If user error or a new limitation/feature is causing the problem, it should be warned about in Update Notes/Quick Start. This code was perfectly normal in TF 1.X

Code to reproduce the issue
See this (GPU) Colab Notebook example with MNIST Data:
https://colab.research.google.com/gist/Raukk/f0927a5e2a357f2d80c9aeef1202e6ee/example_slow_tf2.ipynb

See this (GPU) Colab Notebook example with numpy random for Data:
https://colab.research.google.com/gist/Raukk/518d3d21e08ad02089429529bd6c67d4/simplified_example_slow_tf2.ipynb

See this (GPU) Colab Notebook example using standard Conv2D (not DepthwiseConv2D):
https://colab.research.google.com/gist/Raukk/4f102e192f47a6dc144b890925b652f8/standardconv_example_slow_tf2.ipynb

Please notify me if you cannot access any of these notebooks, or if they do not run, or don't sufficiently reproduce the issue.

Other info / logs
Each example above starts with a TLDR; that gives a very basic summary of results.

Thank you!

The text was updated successfully, but these errors were encountered:

DanMinhNguyen · 2019-10-03T19:09:32Z

Can confirm from my own experience with it.
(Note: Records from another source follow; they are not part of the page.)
(* Let $\mathbf v\in\mathbb Z^4$ be nonzero and suppose the orbit $\mathcal A[\mathbf v]=\{\mathbf U\mathbf v:\mathbf U\in\mathcal A\}$ contains a root quadruple $\mathbf a$. Then: (1) $\mathbf a$ is the unique reduced quadruple in $\mathcal A[\mathbf v]$; (2) all values $L(\mathbf x)$, $\mathbf x\in\mathcal A[\mathbf v]$, are nonzero and have the same sign, and if this sign is positive, then the general reduction algorithm started from any $\mathbf x\in\mathcal A[\mathbf v]$ applies only $\mathbf S_4$ (to the quadruple ordered increasingly) until the root quadruple is reached.
   Context: $\mathbf S_1,\dots,\mathbf S_4$ are the $4\times4$ integer matrices acting on column vectors $(a_1,a_2,a_3,a_4)^T$ by replacing the $i$-th coordinate $a_i$ with $2\sum_{j\ne i}a_j-a_i$, other coordinates fixed. The Apollonian group $\mathcal A$ is the subgroup of $GL(4,\mathbb Z)$ generated by $\mathbf S_1,\dots,\mathbf S_4$. For $\mathbf v=(a,b,c,d)$, $|\mathbf v|=|a|+|b|+|c|+|d|$ and $L(\mathbf v)=a+b+c+d$. General reduction algorithm: order the quadruple increasingly, then apply the first $\mathbf S_i$ ($i=1,2,3,4$ in order) that strictly decreases $|\mathbf v|$, and repeat; halt when no $\mathbf S_i$ strictly decreases $|\mathbf v|$. A quadruple is reduced if no $\mathbf S_i$ strictly decreases $|\mathbf v|$. A reduced quadruple $\mathbf a$, ordered as $a\le b\le c\le d$, with $L(\mathbf a)\ge0$ is a root quadruple if $a+b+c\ge d>0$; a reduced $\mathbf a$ with $L(\mathbf a)<0$ is a root quadruple if $(-d,-c,-b,-a)$ is one. *)

From HB Require Import structures.
From mathcomp Require Import all_boot all_order all_algebra.
Set Implicit Arguments. Unset Strict Implicit. Unset Printing Implicit Defensive.
Import Order.TTheory GRing.Theory Num.Theory.
Local Open Scope ring_scope.

Notation quad := ('cV[int]_4).

(* S_i (i : 'I_4; the paper's S_1..S_4 are i = 0..3): replaces a_i by
   2 * sum_{j <> i} a_j - a_i, other coordinates fixed. *)
Definition Smx (i : 'I_4) : 'M[int]_4 :=
  \matrix_(r < 4, c < 4)
    (if r == i then (if c == i then -1 else 2) else (if r == c then 1 else 0)).

Inductive in_A : 'M[int]_4 -> Prop :=
  | in_A_gen (i : 'I_4) : in_A (Smx i)
  | in_A_one : in_A 1%:M
  | in_A_mul (U V : 'M[int]_4) : in_A U -> in_A V -> in_A (U *m V)
  | in_A_inv (U : 'M[int]_4) : in_A U -> in_A (invmx U).

Definition in_Aorbit (v x : quad) : Prop := exists U, in_A U /\ x = U *m v.

Definition qnorm (v : quad) : int := \sum_(i < 4) `|v i 0|.
Definition qL (v : quad) : int := \sum_(i < 4) v i 0.

Definition sortq (v : quad) : quad :=
  \col_(i < 4) nth 0 (sort <=%R [seq v j 0 | j <- enum 'I_4]) i.

Definition decreases (v : quad) (i : 'I_4) : bool := qnorm (Smx i *m v) < qnorm v.

Definition reduced (v : quad) : Prop := forall i : 'I_4, ~~ decreases v i.

Definition i0 : 'I_4 := @Ordinal 4 0 isT.
Definition i1 : 'I_4 := @Ordinal 4 1 isT.
Definition i2 : 'I_4 := @Ordinal 4 2 isT.
Definition i3 : 'I_4 := @Ordinal 4 3 isT.

Definition root_pos (v : quad) : Prop :=
  let w := sortq v in
  reduced v /\ 0 <= qL v /\ w i3 0 <= w i0 0 + w i1 0 + w i2 0 /\ 0 < w i3 0.

Definition quad_of (a b c d : int) : quad :=
  \col_(i < 4) nth 0 [:: a; b; c; d] i.

Definition is_root (v : quad) : Prop :=
  if 0 <= qL v then root_pos v
  else reduced v /\
       (let w := sortq v in
        root_pos (quad_of (- w i3 0) (- w i2 0) (- w i1 0) (- w i0 0))).

Definition red_step (v : quad) : option ('I_4 * quad) :=
  let w := sortq v in
  let k := find (decreases w) (enum 'I_4) in
  if (k < 4)%N then Some (inord k, Smx (inord k) *m w) else None.

(* red_run x s r : the algorithm started from x applies the S-indices s
   in this order and halts with the (ordered) quadruple r. *)
Inductive red_run : quad -> seq 'I_4 -> quad -> Prop :=
  | red_halt (v : quad) : red_step v = None -> red_run v [::] (sortq v)
  | red_move (v v' r : quad) (i : 'I_4) (s : seq 'I_4) :
      red_step v = Some (i, v') -> red_run v' s r -> red_run v (i :: s) r.

From HB Require Import structures.
From mathcomp Require Import all_boot all_order all_algebra.
From mathcomp Require Import fingroup perm zify ring.
Import Order.TTheory GRing.Theory Num.Theory.
Local Open Scope ring_scope.

(* Write e_k(x) = L(x) - 2 x_k: the move S_k adds 2 e_k(x) to x_k, hence to
   L(x).  A root r with L(r) > 0 has every e_k(r) >= 0.  The quadruples
   reached from r by non-backtracking words in the S_k form a tree, and a
   non-root vertex x whose last letter is S_i satisfies
     e_i(x) < 0 < L(x) + e_i(x)  and  e_k(x) + e_i(x) >= 0 for k <> i.
   These inequalities make S_i the only move decreasing |x|, and they are
   preserved by every move S_j with j <> i.  So the tree is closed under all
   S_j and contains the whole orbit: r is its only reduced element, L > 0 on
   it, and, as e_k(x) is smallest at the largest entry of x, the reduction
   algorithm always applies S_4 to the ordered quadruple.  The case L(r) < 0
   is reduced to this one by x |-> -x. *)

Definition qexcess (x : quad) (k : 'I_4) : int := qL x - 2 * x k 0.

Lemma sumr_update (I : finType) (R : zmodType) (j : I) (f g : I -> R) :
  (forall k, k != j -> f k = g k) -> \sum_k f k = \sum_k g k + (f j - g j).
Proof.
move=> fg; rewrite (bigD1 j) //= [in RHS](bigD1 j) //= (eq_bigr g) //.
by rewrite [RHS]addrC addrA subrK.
Qed.

Implicit Types (x y : quad) (p : 'S_4) (i j k : 'I_4).

Lemma sum4 (R : nmodType) (f : 'I_4 -> R) :
  \sum_i f i = f i0 + f i1 + f i2 + f i3.
Proof.
rewrite !big_ord_recl big_ord0 addr0 !addrA.
by congr (_ + _ + _ + _); congr f; apply: val_inj.
Qed.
I had a similar issue with my own project when switching to TF2 (stable. I waited for the official release a few days ago), with a 2x to 3x decrease in training time for the same data and code, as compared to TF1. After some Google searching and reading, I then proceeded to implement the code using tf.data.Dataset.from_generator(), instead, which allows me to use model.fit().

Unfortunately there was 0 performance benefit either way.

As for some pseudocode (posting here just in case someone can point out something fundamentally wrong with my setup), my fit_generator version of my code went something like this below. All my code uses the internal tf.keras instead of the external one:

def datagen(args):
    while True:
        #some code here to load and manipulate data into x and y. Mostly numpy functions
        yield x,y

#some code here to create and compile model 

model.fit_generator(datagen(args), . . . )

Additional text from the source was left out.